■ **THE TASK**
Look through the lines below, find those with the word "matrixP", and copy them.

(Stored records)
***

Lemma eigenvalue_tridiag101_cos (R : realType) n : (0 < n)%N ->
  eigenvalue (tridiag n 1 0 1 : 'M[R]_n) (2 * cos (pi / n.+1%:R)).
Proof.
move=> n_gt0; set th := pi / n.+1%:R; pose f k := sin (k%:R * th).
have thE : n.+1%:R * th = pi by rewrite mulrC divfK ?pnatr_eq0.
apply/eigenvalueP; exists (\row_(j < n) f j.+1).
  rewrite mul_row_tridiag101 /f ?mul0r ?sin0 ?thE ?sinpi //.
  apply/matrixP => i j; rewrite !mxE.
  have -> : j.+2%:R * th = j.+1%:R * th + th by rewrite mulrSr mulrDl mul1r.
  have -> : j%:R * th = j.+1%:R * th - th by rewrite mulrSr mulrDl mul1r addrK.
  by rewrite sinB sinD; ring.
apply/negP => /eqP/matrixP /(_ 0 (Ordinal n_gt0)); rewrite !mxE /f mul1r.
apply/eqP; rewrite gt_eqF // sin_gt0_pi // /th divr_gt0 ?pi_gt0 ?ltr0n //=.
by rewrite ltr_pdivrMr ?ltr0n // ltr_pMr ?pi_gt0 // ltr1n.
Qed.

Lemma sup_eq_max (R : realType) (X : set R) (m : R) :
  X m -> ubound X m -> sup X = m.
Proof.
move=> Xm ubm; apply/le_anti; rewrite ge_sup /=; [|by exists m|by []].
by apply: sup_upper_bound => //; split; exists m.
Qed.

Lemma normc_real (R : rcfType) (x : R) : complex.Re `|x%:C%C| = `|x|.
Proof. by rewrite normc_def /= expr0n /= addr0 sqrtr_sqr. Qed.

Section TridiagSpectralRadius.
Variables (R : realType) (n : nat).
Local Notation J := (tridiag n 1 0 1).
Local Open Scope complex_scope.

Lemma spectral_radius_tridiag_max (K a b c : R) :
  eigenvalue J K%:C ->
  (forall mu, eigenvalue J mu -> `|complex.Re mu| <= K) ->
  0 <= b -> 0 < a -> 0 < c ->
  spectral_radius (tridiag n a b c) = b + K * Num.sqrt (a * c).
Proof.
move=> JK ubK b_ge0 a_gt0 c_gt0.
have K_ge0 : 0 <= K by apply: le_trans (ubK _ JK); rewrite normr_ge0.
set s := Num.sqrt (a * c).
have s_gt0 : 0 < s by rewrite sqrtr_gt0 mulr_gt0.
have sC0 : s%:C != 0 :> R[i] by rewrite fmorph_eq0 gt_eqF.
have eigE (z : R[i]) :
    root (char_poly (map_mx (real_complex R) (tridiag n a b c))) z =
    eigenvalue J ((z - b%:C) / s%:C).
  rewrite -eigenvalue_root_char map_tridiag [LHS](eigenvalue_tridiag _ _ _ _ sC0) //.
    by rewrite fmorph_eq0 gt_eqF.
  by rewrite -!rmorphM -expr2 sqr_sqrtr // mulr_ge0 // ltW.
apply: sup_eq_max.
  exists (b + K * s)%:C.
    by rewrite /= eigE -rmorphB -fmorphV -rmorphM addrC addKr mulfK ?gt_eqF //; apply: JK.
  by rewrite normc_real ger0_norm // addr_ge0 // mulr_ge0 // ltW.
move=> _ [z Sz <-]; have Jz : eigenvalue J ((z - b%:C) / s%:C) by rewrite -eigE.
have zE : z = (b + s * complex.Re ((z - b%:C) / s%:C))%:C.
  transitivity (b%:C + s%:C * ((z - b%:C) / s%:C)).
    by rewrite mulrC divfK // addrC subrK.
  by rewrite {1}(eigenvalue_tridiag101_real Jz) -rmorphM -rmorphD.
rewrite zE normc_real (le_trans (ler_normD _ _)) // ger0_norm // lerD2l.
by rewrite normrM gtr0_norm // mulrC ler_pM2r // ubK.
Qed.

Lemma spectral_radius_tridiag (a b c : R) : (0 < n)%N ->
  0 <= b -> 0 < a -> 0 < c ->
  spectral_radius (tridiag n a b c) = b + spectral_radius J * Num.sqrt (a * c).
Proof.
move=> n_gt0 b_ge0 a_gt0 c_gt0.
have [K [JK ubK]] := tridiag101_max_eigenvalue R n_gt0.
rewrite !(spectral_radius_tridiag_max JK ubK) ?ltr01 //.
by rewrite add0r mulr1 sqrtr1 mulr1.
Qed.

Lemma spectral_radius_tridiag101_gt0 : (1 < n)%N -> 0 < spectral_radius (J : 'M[R]_n).
Proof.
move=> n_gt1; have n_gt0 : (0 < n)%N by apply: ltnW.
have [K [JK ubK]] := tridiag101_max_eigenvalue R n_gt0.
rewrite (spectral_radius_tridiag_max JK ubK) ?ltr01 // add0r mulr1 sqrtr1 mulr1.
have th_gt0 : 0 < pi / n.+1%:R :> R by rewrite divr_gt0 ?pi_gt0 ?ltr0n.
have cos_gt0 : 0 < cos (pi / n.+1%:R) :> R.
  apply: cos_gt0_pihalf; rewrite (lt_trans _ th_gt0) ?oppr_lt0 ?divr_gt0 ?pi_gt0 //=.
  by rewrite ltr_pM2l ?pi_gt0 // ltf_pV2 ?posrE ?ltr0n // ltr_nat ltnS.
have := eigenvalue_tridiag101_cos R n_gt0.
rewrite -(eigenvalue_map (real_complex R)) map_tridiag rmorph0 rmorph1 => /ubK /=.
by apply: lt_le_trans; rewrite normrM !gtr0_norm ?mulr_gt0 ?ltr0n.
Qed.

End TridiagSpectralRadius.

Lemma sqrtr_concave (R : rcfType) (x y l : R) : 0 <= x -> 0 <= y -> 0 <= l <= 1 ->
  (1 - l) * Num.sqrt x + l * Num.sqrt y <= Num.sqrt ((1 - l) * x + l * y).
Proof.
move=> x_ge0 y_ge0 /andP [l_ge0 l_le1].
have sx := sqrtr_ge0 x; have sy := sqrtr_ge0 y.
rewrite -[X in X <= _]ger0_norm ?addr_ge0 ?mulr_ge0 ?subr_ge0 //.
rewrite -sqrtr_sqr ler_sqrt ?addr_ge0 ?mulr_ge0 ?subr_ge0 //.
rewrite -{2}(sqr_sqrtr x_ge0) -{2}(sqr_sqrtr y_ge0) -subr_ge0.
have -> : (1 - l) * Num.sqrt x ^+ 2 + l * Num.sqrt y ^+ 2 -
    ((1 - l) * Num.sqrt x + l * Num.sqrt y) ^+ 2 =
    l * (1 - l) * (Num.sqrt x - Num.sqrt y) ^+ 2 by ring.
by rewrite mulr_ge0 ?sqr_ge0 ?mulr_ge0 ?subr_ge0.
Qed.

Lemma convex_comb_oint (R : realFieldType) (x y s t l : R) :
  x < s < y -> x < t < y -> 0 <= l <= 1 -> x < (1 - l) * s + l * t < y.
Proof.
move=> /andP [xs sy] /andP [xt ty] /andP [l0 l1].
by case: (lerP s t) => st; apply/andP; split; nra.
Qed.

Lemma convex_comb_gt0 (R : realDomainType) (a c t : R) :
  0 <= a -> 0 <= c -> 0 < Num.max a c -> 0 < t < 1 -> 0 < (1 - t) * a + t * c.
Proof. by move=> ? ?; rewrite lt_max => /orP [?|?] /andP [? ?]; nra. Qed.

Section SqrtParabolaProfile.
Variables (R : realType) (beta kappa u v : R) (f : R -> R).
Hypotheses (kappa_gt0 : 0 < kappa) (u_ge0 : 0 <= u) (v_ge0 : 0 <= v).
Let p t := u + v * (t * (1 - t)).
Hypothesis fE : forall t, 0 < t < 1 -> f t = beta + kappa * Num.sqrt (p t).

Let p_ge0 t : 0 < t < 1 -> 0 <= p t.
Proof.
case/andP => t0 t1; apply: addr_ge0 => //; apply: mulr_ge0 => //.
by rewrite mulr_ge0 ?subr_ge0 ?ltW.
Qed.

Let p_convex_gap s t l :
  p ((1 - l) * s + l * t) - ((1 - l) * p s + l * p t) =
  v * (l * (1 - l) * (s - t) ^+ 2).
Proof. by rewrite /p; ring. Qed.

Let p_sub s t : p t - p s = v * ((t - s) * (1 - s - t)).
Proof. by rewrite /p; ring. Qed.

Let f_le s t : 0 < s < 1 -> 0 < t < 1 -> p s <= p t -> f s <= f t.
Proof. by move=> s01 t01 pst; rewrite !fE // lerD2l ler_pM2l // ler_sqrt // p_ge0. Qed.

Let f_lt s t : 0 < s < 1 -> 0 < t < 1 -> p s < p t -> f s < f t.
Proof.
move=> s01 t01 pst; rewrite !fE // ltrD2l ltr_pM2l // ltr_sqrt //.
exact: le_lt_trans (p_ge0 s01) pst.
Qed.

Let f_convex_comb s t l : 0 < s < 1 -> 0 < t < 1 -> 0 <= l <= 1 ->
  (1 - l) * f s + l * f t <= beta + kappa * Num.sqrt ((1 - l) * p s + l * p t).
Proof.
move=> s01 t01 l01; rewrite !fE //.
have -> : (1 - l) * (beta + kappa * Num.sqrt (p s)) +
    l * (beta + kappa * Num.sqrt (p t)) =
    beta + kappa * ((1 - l) * Num.sqrt (p s) + l * Num.sqrt (p t)) by ring.
by rewrite lerD2l ler_pM2l // sqrtr_concave ?p_ge0.
Qed.

Lemma sqrt_parabola_concave : concave_on (oint 0 1) f.
Proof.
move=> s t l s01 t01 l01; have m01 := convex_comb_oint s01 t01 l01.
apply: (le_trans (f_convex_comb s01 t01 l01)); rewrite fE // lerD2l ler_pM2l //.
rewrite ler_sqrt ?p_ge0 // -subr_ge0 p_convex_gap.
by case/andP: l01 => l0 l1; rewrite mulr_ge0 // mulr_ge0 ?sqr_ge0 // mulr_ge0 ?subr_ge0.
Qed.

Let oint_left (t : R) : 0 < t < 1/2 -> 0 < t < 1.
Proof. by case/andP => t0 t1; apply/andP; split; lra. Qed.

Let oint_right (t : R) : 1/2 < t < 1 -> 0 < t < 1.
Proof. by case/andP => t0 t1; apply/andP; split; lra. Qed.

***

■ **RESPONSE**
  apply/matrixP => i j; rewrite !mxE.
apply/negP => /eqP/matrixP /(_ 0 (Ordinal n_gt0)); rewrite !mxE /f mul1r.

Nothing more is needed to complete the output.